**Exercise aim:** Instruction for the entries that follow: retype exactly the lines from the line with "have rhoV_ge0 j" to the line with "have Y_bounds j : (m.+1 <= j)%N ->", both included, and omit all others.

**Record excerpts:**
━━━━━━━━━━

Lemma cf_bwd_ln_err n i0 : (2 <= i0)%N -> (i0 <= n)%N ->
  \sum_(i0 <= i < n.+1) `|ln (cf (bwd n) (n - i)) - ln (rh i)| <= err.
Proof.
move=> i02 i0n; rewrite ler_pdivlMr ?subr_gt0 ?lam_lt1 // mulrC sum_nat_rev.
rewrite subSn // (eq_big_nat _ _ (F2 := fun d => `|ln (cf (bwd n) d) - ln (rh (n - d))|));
  last by move=> d /andP[_ dn]; rewrite subSS subKn //; lia.
apply: le_trans (cf_ln_err_sum (s := bwd n) (N := n - i0) _) _ => [d dn|]; first lia.
rewrite lerD2l; apply: le_trans _ (@rho_var i0 n i02).
rewrite [in X in _ <= X]sum_nat_rev; apply: ler_sum_nat => d /andP[_ dn].
by rewrite distrC /= -subSn //; lia.
Qed.

Lemma prodA_desc00_bounds m s : (1 <= m)%N -> (m < s)%N ->
  expR (- err) * \prod_(m.+1 <= i < s.+1) rh i <= prodA_desc q p1 p2 m s ord0 ord0 /\
  prodA_desc q p1 p2 m s ord0 ord0 <= expR err * \prod_(m.+1 <= i < s.+1) rh i.
Proof.
move=> m1 ms; rewrite -(subnKC (ltnW ms)) prodA_desc00 //.
have -> : \prod_(m.+1 <= i < (m + (s - m)).+1) rh i = \prod_(0 <= i < s - m) rh (m.+1 + i).
  by rewrite (big_addn 0 _ m.+1) -addSn addKn; apply: eq_bigr => i _; rewrite addnC.
apply: prod_bounds_of_ln_close => [i _|i _|]; first by apply: cf_gt0 => i' _; lia.
  by apply: rho_pos; lia.
by rewrite -(prednK (_ : 0 < s - m)%N) ?subn_gt0 //; apply: cf_fwd_ln_err.
Qed.

Lemma prod_zetakn_bounds m J n : (1 <= m)%N -> (m < J)%N -> (J <= n)%N ->
  expR (- err) * \prod_(m.+1 <= i < J.+1) (rh i)^-1 <=
    \prod_(m.+1 <= i < J.+1) zetakn q p1 p2 i n /\
  \prod_(m.+1 <= i < J.+1) zetakn q p1 p2 i n <=
    expR err * \prod_(m.+1 <= i < J.+1) (rh i)^-1.
Proof.
move=> m1 mJ Jn.
have cf_pos i : (m.+1 <= i <= n)%N -> 0 < cf (bwd n) (n - i).
  by move=> mi; apply: cf_gt0 => d dn; lia.
rewrite (eq_big_nat _ _ (F1 := fun i => zetakn q p1 p2 i n)
  (F2 := fun i => (cf (bwd n) (n - i))^-1)) => [|i /andP[mi iJ]]; last first.
  by rewrite zetakn_cf //; lia.
apply: prod_bounds_of_ln_close => [i /andP[mi iJ]|i /andP[mi iJ]|].
- by rewrite invr_gt0 cf_pos //; lia.
- by rewrite invr_gt0 rho_pos //; lia.
apply: le_trans (cf_bwd_ln_err (n := n) (i0 := m.+1) m1 (leq_trans mJ Jn)).
apply: le_trans (_ : _ <= \sum_(m.+1 <= i < J.+1) `|ln (cf (bwd n) (n - i)) - ln (rh i)|) _.
  apply: ler_sum_nat => i /andP[mi iJ].
  by rewrite !lnV ?posrE ?rho_pos ?cf_pos -?opprD ?normrN //; lia.
rewrite [in X in _ <= X](big_cat_nat (n := J.+1)) //= ?lerDl ?sumr_ge0 //.
by rewrite ltnS (leq_trans (ltnW mJ)).
Qed.

Lemma prod_zeta_bounds m J : (1 <= m)%N -> (m < J)%N ->
  expR (- err) * \prod_(m.+1 <= i < J.+1) (rh i)^-1 <= \prod_(m.+1 <= i < J.+1) zeta q p1 p2 i /\
  \prod_(m.+1 <= i < J.+1) zeta q p1 p2 i <= expR err * \prod_(m.+1 <= i < J.+1) (rh i)^-1.
Proof.
move=> m1 mJ.
have prod_cvg : (fun n => \prod_(m.+1 <= i < J.+1) zetakn q p1 p2 i n) @ \oo -->
    \prod_(m.+1 <= i < J.+1) zeta q p1 p2 i.
  by apply: cvgn_prod_nat => i /andP[mi _]; apply: zetakn_cvg; lia.
have bounds := prod_zetakn_bounds m1 mJ.
rewrite -(cvg_lim (@Rhausdorff R) prod_cvg); split.
  by apply: limr_ge (cvgP _ prod_cvg) _; exists J => // n /= /bounds[].
by apply: limr_le (cvgP _ prod_cvg) _; exists J => // n /= /bounds[].
Qed.

Lemma cf_series_comparison : exists c7 c8 : R, 0 < c7 /\ c7 < c8 /\
  forall m n, (1 <= m)%N -> (m < n)%N ->
    ((c7%:E * DX q p1 p2 m <= FX q p1 p2 m)%E /\ (FX q p1 p2 m <= c8%:E * DX q p1 p2 m)%E) /\
    ((c7%:E * DY q p1 p2 m <= FY q p1 p2 m)%E /\ (FY q p1 p2 m <= c8%:E * DY q p1 p2 m)%E) /\
    (c7 * DYmn q p1 p2 m n <= FYmn q p1 p2 m n /\ FYmn q p1 p2 m n <= c8 * DYmn q p1 p2 m n).
Proof.
have V_ge0 : 0 <= V by apply: le_trans (@rho_var 2 2 (leqnn 2)); rewrite big_geq.
have err_ge0 : 0 <= err.
  by apply: divr_ge0; [exact: addr_ge0 span_ge0 V_ge0 | rewrite subr_ge0 ltW ?lam_lt1].
have lo_le1 : expR (- err) <= 1 by rewrite -expR0 ler_expR oppr_le0.
have hi_ge1 : 1 <= expR err + 1 by rewrite lerDr expR_ge0.
have lo_ge0 := ltW (expR_gt0 (- err)).
exists (expR (- err)), (expR err + 1); split; first exact: expR_gt0.
split; first by have := expR_gt0 err; lra.
move=> m n m1 _.
have weaken x y : 0 <= y -> x <= expR err * y -> x <= (expR err + 1) * y.
  by move=> y_ge0 /le_trans; apply; rewrite ler_wpM2r // lerDl.
have prod_ge0 (f : nat -> R) j : (forall i, (2 <= i)%N -> 0 < f i) ->
    0 <= \prod_(m.+1 <= i < j.+1) f i.
  by move=> f_gt0; rewrite big_seq_cond prodr_ge0 // => i /andP[+ _];
    rewrite mem_index_iota => /andP[mi _]; apply/ltW/f_gt0; lia.
have rho_ge0 j : 0 <= \prod_(m.+1 <= i < j.+1) rh i by apply: prod_ge0 rho_pos.
have rhoV_ge0 j : 0 <= \prod_(m.+1 <= i < j.+1) (rh i)^-1.
  by apply: prod_ge0 => i i2; rewrite invr_gt0 rho_pos.
have X_bounds j : (m.+1 <= j)%N ->
    expR (- err) * \prod_(m.+1 <= i < j.+1) rh i <= prodA_desc q p1 p2 m j ord0 ord0 /\
    prodA_desc q p1 p2 m j ord0 ord0 <= (expR err + 1) * \prod_(m.+1 <= i < j.+1) rh i.
  by move=> /(prodA_desc00_bounds m1) [lo /(weaken _ _ (rho_ge0 j)) hi].
have Y_bounds j : (m.+1 <= j)%N ->
    expR (- err) * \prod_(m.+1 <= i < j.+1) (rh i)^-1 <= \prod_(m.+1 <= i < j.+1) zeta q p1 p2 i /\
    \prod_(m.+1 <= i < j.+1) zeta q p1 p2 i <= (expR err + 1) * \prod_(m.+1 <= i < j.+1) (rh i)^-1.
  by move=> /(prod_zeta_bounds m1) [lo /(weaken _ _ (rhoV_ge0 j)) hi].
split; [|split].
- exact: one_add_series_bounds (fun j _ => rho_ge0 j) X_bounds lo_ge0 lo_le1 hi_ge1.
- exact: one_add_series_bounds (fun j _ => rhoV_ge0 j) Y_bounds lo_ge0 lo_le1 hi_ge1.
- exact: one_add_sum_bounds Y_bounds lo_le1 hi_ge1.
Qed.

End Variation.
End ContinuedFraction.

Theorem lemma6 (R : realType) (q p1 p2 : nat -> R) (a b : R) (N0 : nat)
  (hq : forall k, (2 <= k)%N -> 0 < q k)
  (hp1 : forall k, (2 <= k)%N -> 0 <= p1 k)
  (hp2 : forall k, (2 <= k)%N -> 0 < p2 k)
  (hsum : forall k, (2 <= k)%N -> q k + p1 k + p2 k = 1)
  (ha : 0 < a) (hb : 0 < b)
  (hak : ak q p1 p2 @ \oo --> a)
  (hbk : bk q p1 p2 @ \oo --> b)
  (hmono : (forall k l, (2 <= k)%N -> (N0 <= k)%N -> (k <= l)%N ->
              rho q p1 p2 k <= rho q p1 p2 l) \/
           (forall k l, (2 <= k)%N -> (N0 <= k)%N -> (k <= l)%N ->
              rho q p1 p2 l <= rho q p1 p2 k)) :
  ((forall n n', (1 <= n)%N -> (N0 < n)%N -> (n <= n')%N ->
       (DX q p1 p2 n <= DX q p1 p2 n')%E) \/
   (forall n n', (1 <= n)%N -> (N0 < n)%N -> (n <= n')%N ->
       (DX q p1 p2 n' <= DX q p1 p2 n)%E)) /\
  ((forall n n', (1 <= n)%N -> (N0 < n)%N -> (n <= n')%N ->
       (DY q p1 p2 n <= DY q p1 p2 n')%E) \/
   (forall n n', (1 <= n)%N -> (N0 < n)%N -> (n <= n')%N ->
       (DY q p1 p2 n' <= DY q p1 p2 n)%E)) /\
  exists c7 c8 : R, 0 < c7 /\ c7 < c8 /\
    forall m n, (1 <= m)%N -> (m < n)%N ->
      ((c7%:E * DX q p1 p2 m <= FX q p1 p2 m)%E /\
       (FX q p1 p2 m <= c8%:E * DX q p1 p2 m)%E) /\
      ((c7%:E * DY q p1 p2 m <= FY q p1 p2 m)%E /\
       (FY q p1 p2 m <= c8%:E * DY q p1 p2 m)%E) /\
      (c7 * DYmn q p1 p2 m n <= FYmn q p1 p2 m n /\
       FYmn q p1 p2 m n <= c8 * DYmn q p1 p2 m n).
Proof.
have b_gt0 k : (2 <= k)%N -> 0 < bk q p1 p2 k by move=> k2; rewrite divr_gt0 ?hq ?hp2.
have a_gt0 k : (2 <= k)%N -> 0 < ak q p1 p2 k.
  by move=> k2; rewrite divr_gt0 ?hq // ltr_wpDl ?hp1 ?hp2.
have rho_pos k : (2 <= k)%N -> 0 < rho q p1 p2 k.
  by move=> k2; rewrite rho_gt0 ?a_gt0 ?ltW ?b_gt0.
have [A0 A0_gt0 a_ge] := cvgn_pos_lbound ha hak a_gt0.
have [A1 a_le] := cvgn_ubound (cvgP _ hak).
have [B1 b_le] := cvgn_ubound (cvgP _ hbk).
split; [|split].
- by case: hmono => mono; [left|right] => n n' n1 Nn nn';
    apply: series_shifted_prod_le => // [|t]; try lia; apply: mono; lia.
- case: hmono => mono; [right|left] => n n' n1 Nn nn';
    apply: (series_shifted_prod_le (f := fun k => (rho q p1 p2 k)^-1)) => // [|k k2|t];
    rewrite ?invr_gt0 ?rho_pos // ?lef_pV2 ?posrE ?rho_pos ?mono //; lia.
- have rho_var := ln_rho_variation_le A0_gt0 a_ge (fun k _ => a_le k) b_gt0
    (fun k _ => b_le k) hmono.
  exact: (cf_series_comparison A0_gt0 a_ge (fun k _ => a_le k) b_gt0 (fun k _ => b_le k) rho_var).
Qed.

━━━━━━━━━━

**Answer area:**
have rhoV_ge0 j : 0 <= \prod_(m.+1 <= i < j.+1) (rh i)^-1.
  by apply: prod_ge0 => i i2; rewrite invr_gt0 rho_pos.
have X_bounds j : (m.+1 <= j)%N ->
    expR (- err) * \prod_(m.+1 <= i < j.+1) rh i <= prodA_desc q p1 p2 m j ord0 ord0 /\
    prodA_desc q p1 p2 m j ord0 ord0 <= (expR err + 1) * \prod_(m.+1 <= i < j.+1) rh i.
  by move=> /(prodA_desc00_bounds m1) [lo /(weaken _ _ (rho_ge0 j)) hi].
have Y_bounds j : (m.+1 <= j)%N ->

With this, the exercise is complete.